Another prominent human rights defender, Germain Rukuki, was arrested in 2017 and sentenced to 32 years in prison in 2018 on trumped-up charges related to his human rights work. His sentence was confirmed by the appeal court in 2019, but the appeal court’s decision was subsequently overturned by the Supreme Court. The appeal court reduced his sentence to one year in June 2021. He was released the same month.

Burundi’s civil society and media organizations were among the first targets of the government repression in 2015. The government suspended or closed most independent human rights organizations and media outlets and drove them into exile. Despite some overtures by President Ndayishimiye towards the media in 2021, the Burundian government continues to view human rights work with suspicion, and severe restrictions on human rights, including the right to freedom of expression, remain in place.

Most independent human rights organizations have been unable to resume their activities in Burundi, especially as the Burundian authorities have issued arrest warrants for many of their leading activists in exile. 12 human rights defenders and journalists were among a group of 34 people sentenced to life in prison in absentia in June 2020 on accusations of involvement in an attempted coup in May 2015; the Supreme Court judgment was not made public until February 2021.

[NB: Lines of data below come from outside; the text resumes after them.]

(* Let $g:\{0,1\}^N\to\{0,1\}$ be a total Boolean function and $S\ge2$. Any deterministic AMPC algorithm with I/O capacity $S$ that computes $g$ requires at least $\frac12\log_S\deg(g)$ rounds. Any randomized AMPC algorithm with I/O capacity $S$ that computes $g$ with error at most $1/3$ requires at least $\frac12\log_S\widetilde{\deg}(g)$ rounds.
   Context: AMPC model with I/O capacity $S$: computation proceeds in rounds communicating through distributed data stores (DDS) $\mathcal{D}_0,\dots,\mathcal{D}_R$, each storing under each key a multiset of values (possibly empty; duplicates allowed, each value written by a unique machine). On input $x\in\{0,1\}^N$, $\mathcal{D}_0$ consists of the pairs $(i,x_i)$. In round $r\ge1$ each machine (arbitrarily many, computationally unbounded, deterministic) adaptively queries keys of $\mathcal{D}_{r-1}$, receiving the whole multiset under the key, with later queries depending arbitrarily on earlier ones and their responses; the total number of values in responses plus the number of empty-response queries is at most $S$; it then writes at most $S$ key-value pairs to $\mathcal{D}_r$ as a function of its queries and responses. In every round, on every input, at most $S$ values are written under any single key (a machine exceeding its budget stops and writes nothing). A deterministic algorithm computes $g$ in $R$ rounds if for every input $x$, $\mathcal{D}_R$ contains exactly the pair $(\textsc{answer},g(x))$. A randomized AMPC algorithm is a probability distribution over deterministic ones, its round count is the maximum over the support, and it computes $g$ with error at most $\delta$ if on each input it outputs $g(x)$ with probability at least $1-\delta$. $\deg(g)$ is the degree of the unique multilinear polynomial equal to $g$ on $\{0,1\}^N$; $\widetilde{\deg}(g)$ is the minimum degree of a real polynomial $p$ with $|p(x)-g(x)|\le1/3$ for all $x\in\{0,1\}^N$. *)

From Stdlib Require Import Reals.
From HB Require Import structures.
From mathcomp Require Import all_boot all_order all_algebra.
From mathcomp Require Import all_classical all_reals all_analysis.
From mathcomp Require Import Rstruct Rstruct_topology.
From mathcomp Require mpoly.

Set Implicit Arguments.
Unset Strict Implicit.
Unset Printing Implicit Defensive.
Import Order.TTheory GRing.Theory Num.Theory.
Local Open Scope classical_set_scope.
Local Open Scope ring_scope.

(* Keys and values are natural numbers (any finite object can be
   encoded).  A DDS is a finite multiset of key-value pairs, represented
   by a list (only its multiset content is ever observed by machines). *)

Definition key := nat.
Definition value := nat.
Definition dds := seq (key * value).

Definition answer_key : key := 0%N.

(** Querying a key returns the whole multiset of values stored under it;
    the multiset is presented canonically as a sorted list, so that no
    information beyond the multiset is revealed. *)
Definition response (D : dds) (k : key) : seq value :=
  sort leq [seq kv.2 | kv <- D & kv.1 == k].

Definition history := seq (key * seq value).

(** A deterministic machine (computationally unbounded): an adaptive
    query strategy ([None] = stop querying) and an output function; both
    are arbitrary functions of the queries and responses seen so far. *)
Record machine := Machine {
  m_query : history -> option key;
  m_write : history -> seq (key * value) }.

Definition qcost (r : seq value) : nat := maxn 1 (size r).

(** Run the query phase of machine [M] on [D] with budget [S]:
    [Some h] is the final history, [None] means the machine exceeded its
    budget (and hence writes nothing).  Every query costs at least one
    unit, so [fuel] = S never runs out before the budget does. *)
Fixpoint run_queries (S : nat) (M : machine) (D : dds)
    (fuel : nat) (h : history) (cost : nat) : option history :=
  match m_query M h with
  | None => Some h
  | Some k =>
      let r := response D k in
      let cost' := (cost + qcost r)%N in
      if (S < cost')%N then None else
      match fuel with
      | 0 => None
      | f.+1 => run_queries S M D f (rcons h (k, r)) cost'
      end
  end.

Definition machine_output (S : nat) (M : machine) (D : dds) : seq (key * value) :=
  match run_queries S M D S [::] 0 with
  | None => [::]
  | Some h => let w := m_write M h in if (size w <= S)%N then w else [::]
  end.

Definition round := seq machine.
Lemma mul_1_sub_pow_conv g N s n :
  mul_1_sub_pow g N s n = sum_n (fun j => coef_1_sub_pow g N (n - j) * s j) n.
Proof.
  revert n; induction N as [|N IH]; intros n.
  - rewrite sum_n_last; unfold coef_1_sub_pow, mono; simpl.
    + rewrite Nat.sub_diag; simpl; ring.
    + intros j Hj; destruct (Nat.eqb_spec (n - j) 0); [lia|]; apply Cmult_0_l.
  - destruct n as [|n].
    + rewrite !sum_O; unfold coef_1_sub_pow; simpl.
      change (mul_1_sub_pow g N s 0 = mul_1_sub_pow g N (mono 0) 0 * s 0%nat).
      rewrite IH, sum_O; reflexivity.
    + change (mul_1_sub_pow g N s (S n) - g * mul_1_sub_pow g N s n
              = sum_n (fun j => mul_1_sub g (coef_1_sub_pow g N) (S n - j) * s j) (S n)).
      rewrite !IH, !sum_Sn, Nat.sub_diag.
      rewrite (sum_n_ext_loc (fun j => mul_1_sub g (coef_1_sub_pow g N) (S n - j) * s j)
                 (fun j => coef_1_sub_pow g N (S n - j) * s j
                           - g * (coef_1_sub_pow g N (n - j) * s j))).
      * rewrite sum_n_sub_scal; change plus with Cplus; simpl (mul_1_sub _ _ 0); ring.
      * intros j Hj; replace (S n - j)%nat with (S (n - j)) by lia; simpl; ring.
Qed.
(* Let $\mathbf{a}\in\mathbb{R}^n\setminus\{0\}$, $b\in\mathbb{R}$, $R,N\in\mathbb{N}$, let $\mathbf{a}'$ be a Diophantine approximation of $\mathbf{a}$ of precision $N$, and let $\alpha:=\|\mathbf{a}\|_\infty/\|\mathbf{a}'\|_\infty$. Then: (i) For every $b'\in\mathbb{R}$: $\mathbf{a}'\mathbf{x}\le b'\Rightarrow_R \mathbf{a}\mathbf{x}\le\alpha(b'+R/N)$, and $\mathbf{a}'\mathbf{x}\ge b'\Rightarrow_R\mathbf{a}\mathbf{x}\ge\alpha(b'-R/N)$. (ii) Suppose $R/N<1/4$ and $\alpha\ge2$. Then exactly one of the following two cases holds, and in each case the integer $b'$ described is unique: (non-dominating case) $-R\|\mathbf{a}\|_\infty-1<b<R\|\mathbf{a}\|_\infty$ and there is a unique $b'\in\mathbb{Z}$ with $|b'|\le R\|\mathbf{a}'\|_\infty$ such that $(b,b+1)\cap[\alpha(b'-R/N),\alpha(b'+R/N)]\ne\emptyset$; (dominating case) either there is a unique $b'\in\mathbb{Z}$ with $-R\|\mathbf{a}'\|_\infty\le b'\le R\|\mathbf{a}'\|_\infty-1$ such that $(b,b+1)\subseteq(\alpha(b'+R/N),\alpha(b'+1-R/N))$; or $b\ge R\|\mathbf{a}\|_\infty$ and $b'=R\|\mathbf{a}'\|_\infty$; or $b+1\le-R\|\mathbf{a}\|_\infty$ and $b'=-R\|\mathbf{a}'\|_\infty-1$. Furthermore, in the dominating case, $\mathbf{a}'\mathbf{x}\le b'\Rightarrow_R\mathbf{a}\mathbf{x}\le b$ and $\mathbf{a}'\mathbf{x}\ge b'+1\Rightarrow_R\mathbf{a}\mathbf{x}\ge b+1$.
   Context: For $\mathbf{a}\in\mathbb{R}^n\setminus\{0\}$ and integer $N\ge1$, $\mathbf{a}'\in\mathbb{Z}^n$ is a Diophantine approximation of $\mathbf{a}$ of precision $N$ if $\mathbf{a}'=\lfloor l\,\mathbf{a}/\|\mathbf{a}\|_\infty\rceil$ (coordinatewise rounding to nearest integer) for some integer $1\le l\le N^n$ with $\|l\,\mathbf{a}/\|\mathbf{a}\|_\infty-\mathbf{a}'\|_\infty<1/N$ and $\|\mathbf{a}'\|_\infty=l$. For a system $\mathsf{A}\mathbf{x}\le\mathbf{b}$ (possibly including equalities), $\mathbf{c}\in\mathbb{R}^n$, $d\in\mathbb{R}$ and $R\in\mathbb{N}$, the notation $\mathsf{A}\mathbf{x}\le\mathbf{b}\Rightarrow_R\mathbf{c}\mathbf{x}\le d$ means $\{\mathbf{x}\in\mathbb{R}^n:\|\mathbf{x}\|_1\le R,\ \mathsf{A}\mathbf{x}\le\mathbf{b}\}\subseteq\{\mathbf{x}\in\mathbb{R}^n:\|\mathbf{x}\|_1\le R,\ \mathbf{c}\mathbf{x}\le d\}$. *)

From mathcomp Require Import all_boot all_order all_algebra.
From mathcomp Require Import reals.
Set Implicit Arguments. Unset Strict Implicit. Unset Printing Implicit Defensive.
Import Order.TTheory GRing.Theory Num.Theory.
Local Open Scope ring_scope.

Definition infnorm (T : realDomainType) (n : nat) (v : 'I_n -> T) : T :=
  \big[Num.max/0]_(i < n) `|v i|.

Definition onenorm (T : realDomainType) (n : nat) (v : 'I_n -> T) : T :=
  \sum_(i < n) `|v i|.

Definition dotv (R : realType) (n : nat) (c x : 'I_n -> R) : R :=
  \sum_(i < n) c i * x i.

Definition intvec (R : realType) (n : nat) (v : 'I_n -> int) : 'I_n -> R :=
  fun i => (v i)%:~R.

Definition round (R : realType) (x : R) : int := Num.floor (x + 2^-1).

Definition dioph_approx (R : realType) (n : nat) (a : 'I_n -> R)
    (N : nat) (a' : 'I_n -> int) : Prop :=
  (1 <= N)%N /\
  exists l : nat,
    [/\ (1 <= l <= N ^ n)%N,
        (forall i, a' i = round (l%:R * a i / infnorm a)),
        infnorm (fun i => l%:R * a i / infnorm a - (a' i)%:~R) < N%:R^-1
      & infnorm a' = l%:Z].

Definition implies_R (R : realType) (n : nat) (r : nat)
    (P Q : ('I_n -> R) -> Prop) : Prop :=
  forall x : 'I_n -> R, onenorm x <= r%:R -> P x -> Q x.

Definition alpha (R : realType) (n : nat) (a : 'I_n -> R) (a' : 'I_n -> int) : R :=
  infnorm a / (infnorm a')%:~R.

Definition nondominating (R : realType) (n : nat) (a : 'I_n -> R)
    (a' : 'I_n -> int) (b : R) (r N : nat) : Prop :=
  let al := alpha a a' in
  - r%:R * infnorm a - 1 < b < r%:R * infnorm a /\
  exists! b' : int,
    `|b'| <= r%:Z * infnorm a' /\
    exists y : R, b < y < b + 1 /\
      al * (b'%:~R - r%:R / N%:R) <= y <= al * (b'%:~R + r%:R / N%:R).

Definition dominating_with (R : realType) (n : nat) (a : 'I_n -> R)
    (a' : 'I_n -> int) (b : R) (r N : nat) (b' : int) : Prop :=
  let al := alpha a a' in
  [\/ (- (r%:Z * infnorm a') <= b' <= r%:Z * infnorm a' - 1) /\
        (forall y : R, b < y < b + 1 ->
           al * (b'%:~R + r%:R / N%:R) < y < al * (b'%:~R + 1 - r%:R / N%:R)),
      r%:R * infnorm a <= b /\ b' = r%:Z * infnorm a'
    | b + 1 <= - (r%:R * infnorm a) /\ b' = - (r%:Z * infnorm a') - 1].

Definition dominating (R : realType) (n : nat) (a : 'I_n -> R)
    (a' : 'I_n -> int) (b : R) (r N : nat) : Prop :=
  exists! b' : int, dominating_with a a' b r N b'.

From mathcomp Require Import all_boot all_order all_algebra reals.
From mathcomp Require Import zify ring lra.
From Stdlib Require Import FunctionalExtensionality.
Import Order.TTheory GRing.Theory Num.Theory.
Set Implicit Arguments. Unset Strict Implicit.
Local Open Scope ring_scope.
Lemma eqn_mod_twist h i j k l : (0 < h)%N ->
  (i + twist h.*2 j k == k + twist h.*2 l i %[mod h.*2]) =
  if odd j then (if odd l then i == k %[mod h] else k %% h == 0)
  else (if odd l then i %% h == 0 else true).
Proof.
move=> h_gt0; rewrite /twist.
have [m1 def_m] : exists m1, h.*2 = m1.+1 by exists h.*2.-1; rewrite prednK ?double_gt0.
rewrite def_m /=; case: (odd j); case: (odd l).
- rewrite -(eqn_modDr (i + k)).
  have -> : (i + k * m1 + (i + k) = k * m1.+1 + i.*2)%N by rewrite -addnn; nia.
  have -> : (k + i * m1 + (i + k) = i * m1.+1 + k.*2)%N by rewrite -addnn; nia.
  by rewrite !modnMDl -def_m eqn_mod_double.
- rewrite -(eqn_modDr k).
  have -> : (i + k * m1 + k = i + k * m1.+1)%N by nia.
  have -> : (k + i + k = i + k.*2)%N by rewrite -addnn; nia.
  by rewrite eqn_modDl -[k * m1.+1]addn0 modnMDl -def_m -double0 eqn_mod_double // mod0n.
- rewrite -(eqn_modDr i).
  have -> : (k + i * m1 + i = k + i * m1.+1)%N by nia.
  have -> : (i + k + i = k + i.*2)%N by rewrite -addnn; nia.
  by rewrite eqn_modDl -[i * m1.+1]addn0 modnMDl -def_m -double0 eqn_mod_double // mod0n.
- by rewrite addnC eqxx.
Qed.

Lemma card_enum_val_set (T : finType) (A : {set T}) (P : pred T) :
  #|[set i : 'I_#|A| | P (enum_val i)]| = #|[set x in A | P x]|.
Proof.
rewrite -(card_imset _ enum_val_inj); apply: eq_card => x; rewrite [RHS]inE.
apply/imsetP/andP => [[i] | [xA Px]].
  by rewrite inE => Pi ->; split; [exact: enum_valP | ].
by exists (enum_rank_in xA x); rewrite ?inE enum_rankK_in.
Qed.

Lemma conjg_expg_inv (gT : finGroupType) (x y : gT) j :
  (x ^ y = x^-1)%g -> (x ^ (y ^+ j) = if odd j then x^-1 else x)%g.
Proof.
move=> xy; elim: j => [|j IHj]; first by rewrite conjg1.
by rewrite expgSr conjgM IHj /=; case: (odd j); rewrite /= ?conjVg xy ?invgK.
Qed.

Lemma mulg_twist (gT : finGroupType) (x y : gT) m j k :
  (0 < m)%N -> (x ^+ m = 1)%g -> (y * x * y^-1 = x^-1)%g ->
  (y ^+ j * x ^+ k = x ^+ twist m j k * y ^+ j)%g.
Proof.
move=> m_gt0 xm yx; have xVy : (x ^ y^-1 = x^-1)%g by rewrite conjgE invgK mulgA yx.
rewrite conjgCV -expVgn conjXg conjg_expg_inv // /twist; case: (odd j) => //.
have -> : (x^-1 = x ^+ m.-1)%g by apply/eqP; rewrite eq_invg_mul -expgS prednK ?xm.
by rewrite -expgM mulnC.
Qed.

Section Metacyclic.
Local Open Scope group_scope.
Variables (gT : finGroupType) (G : {group gT}) (a b : gT) (h n : nat).
Hypotheses (h_gt1 : (1 < h)%N) (n_gt0 : (0 < n)%N) (defG : G :=: <<[set a; b]>>)
  (a_order : a ^+ h.*2 = 1) (b_order : b ^+ (2 * n) = 1)
  (conj_ba : b * a * b^-1 = a^-1) (card_G : #|G| = (2 * h.*2 * n)%N).

Let h_gt0 : (0 < h)%N. Proof. exact: ltnW. Qed.
Let m_gt0 : (0 < h.*2)%N. Proof. by rewrite double_gt0. Qed.
Let m_gt1 : (1 < h.*2)%N. Proof. lia. Qed.
Let n2_gt0 : (0 < 2 * n)%N. Proof. by rewrite muln_gt0. Qed.
Let n2_gt1 : (1 < 2 * n)%N. Proof. lia. Qed.

Let idx := ('I_h.*2 * 'I_(2 * n))%type.

Definition word (p : idx) := a ^+ p.1 * b ^+ p.2.

Lemma word_in_G p : word p \in G.
Proof.
have [aG bG] : a \in G /\ b \in G by rewrite defG !mem_gen // !inE eqxx ?orbT.
by rewrite groupM ?groupX.
Qed.

Lemma G_word x : x \in G -> exists p, x = word p.
Proof.
have nab : <[b]> \subset 'N(<[a]>).
  rewrite cycle_subG -groupV; apply/normP.
  by rewrite -cycleJ conjgE invgK mulgA conj_ba cycleV.
have : G \subset <[a]> * <[b]>.
  rewrite -norm_joinEr // defG gen_subG; apply/subsetP => y.
  by rewrite !inE => /orP[]/eqP->; rewrite mem_gen // inE cycle_id ?orbT.
move=> /subsetP sGab /sGab /mulsgP[_ _ /cycleP[i ->] /cycleP[j ->] ->].
exists (Ordinal (ltn_pmod i m_gt0), Ordinal (ltn_pmod j n2_gt0)).
by rewrite /word /= !expg_mod.
Qed.
Lemma Sk_partition k :
  Sk n H X V k =
  (n.+1)%:R^-1 *
    ((\sum_(1 <= i < n.+1 | A1 n H X V i)
        ((theta n H X V i + pH n H X i n.+1 < thetat n H X V k)%R : nat))%:R
   + (\sum_(1 <= i < n.+1 | A2 n H X V i)
        ((theta n H X V i < thetat n H X V k)%R : nat))%:R
   + (\sum_(1 <= i < n.+1 | A3 n H X V i)
        ((ell n V i < ell n V k)%N : nat))%:R).
Proof.
rewrite /Sk -!natrD; congr (_ * _%:R).
rewrite [\sum_(1 <= i < n.+1 | A1 _ _ _ _ i) _]big_mkcond.
rewrite [\sum_(1 <= i < n.+1 | A2 _ _ _ _ i) _]big_mkcond.
rewrite [\sum_(1 <= i < n.+1 | A3 _ _ _ _ i) _]big_mkcond -!big_split /=.
apply: eq_big_nat => i /andP[i_gt0 lt_in]; have i_in : (0 < i <= n)%N by rewrite i_gt0.
rewrite lee_Qtl_Fi // lt_Vbar_below ?below_le ?ltNyr // -ell_in //.
apply: lt_add_indicatorE; first exact: pH_ge0.
  by move=> le_ki; rewrite /thetat; apply: ler_sum_prefix le_ki => j; exact: pH_ge0.
by move=> /ltnW le_ik; rewrite /thetat; apply: ler_sum_prefix le_ik => j; exact: pH_ge0.
Qed.

End ConformalSet.

Theorem lemma2 (R : realType) (p n : nat)
  (H : 'rV[R]_p -> 'rV[R]_p -> R) (X : nat -> 'rV[R]_p) (V : nat -> R)
  (alpha : R)
  (H01 : forall x y, 0 <= H x y <= 1)
  (Hdiag : forall x, H x x = 1)
  (Vsorted : forall i j, (1 <= i)%N -> (i <= j)%N -> (j <= n)%N -> V i <= V j)
  (alpha01 : 0 < alpha < 1) :
  (forall kstar : nat, (1 <= kstar <= n.+1)%N ->
     Sk n H X V kstar < alpha ->
     (forall k : nat, (kstar < k <= n.+1)%N -> ~ (Sk n H X V k < alpha)) ->
     [set v : R | ((v%:E) <= Vbar n V kstar)%E] = closure (CV n H X V alpha))
  /\
  (forall k : nat, (1 <= k <= n.+1)%N ->
     Sk n H X V k =
     (n.+1)%:R^-1 *
       ((\sum_(1 <= i < n.+1 | A1 n H X V i)
           ((theta n H X V i + pH n H X i n.+1 < thetat n H X V k)%R : nat))%:R
      + (\sum_(1 <= i < n.+1 | A2 n H X V i)
           ((theta n H X V i < thetat n H X V k)%R : nat))%:R
      + (\sum_(1 <= i < n.+1 | A3 n H X V i)
           ((ell n V i < ell n V k)%N : nat))%:R)).
Proof.
split=> [kstar /andP[kstar_gt0 _] | k _]; last exact: Sk_partition.
by apply: closure_CV => //; case/andP: alpha01.
Qed.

Arrest or detention as punishment for the peaceful exercise of human rights, including the right to freedom of expression, is arbitrary and violates the African Charter on Human and Peoples’ Rights, and the International Covenant on Civil and Political Rights, both of which Burundi is a state party. The UN Working Group on Arbitrary Detention has determined that those detained solely for the peaceful exercise of their human rights must be immediately released.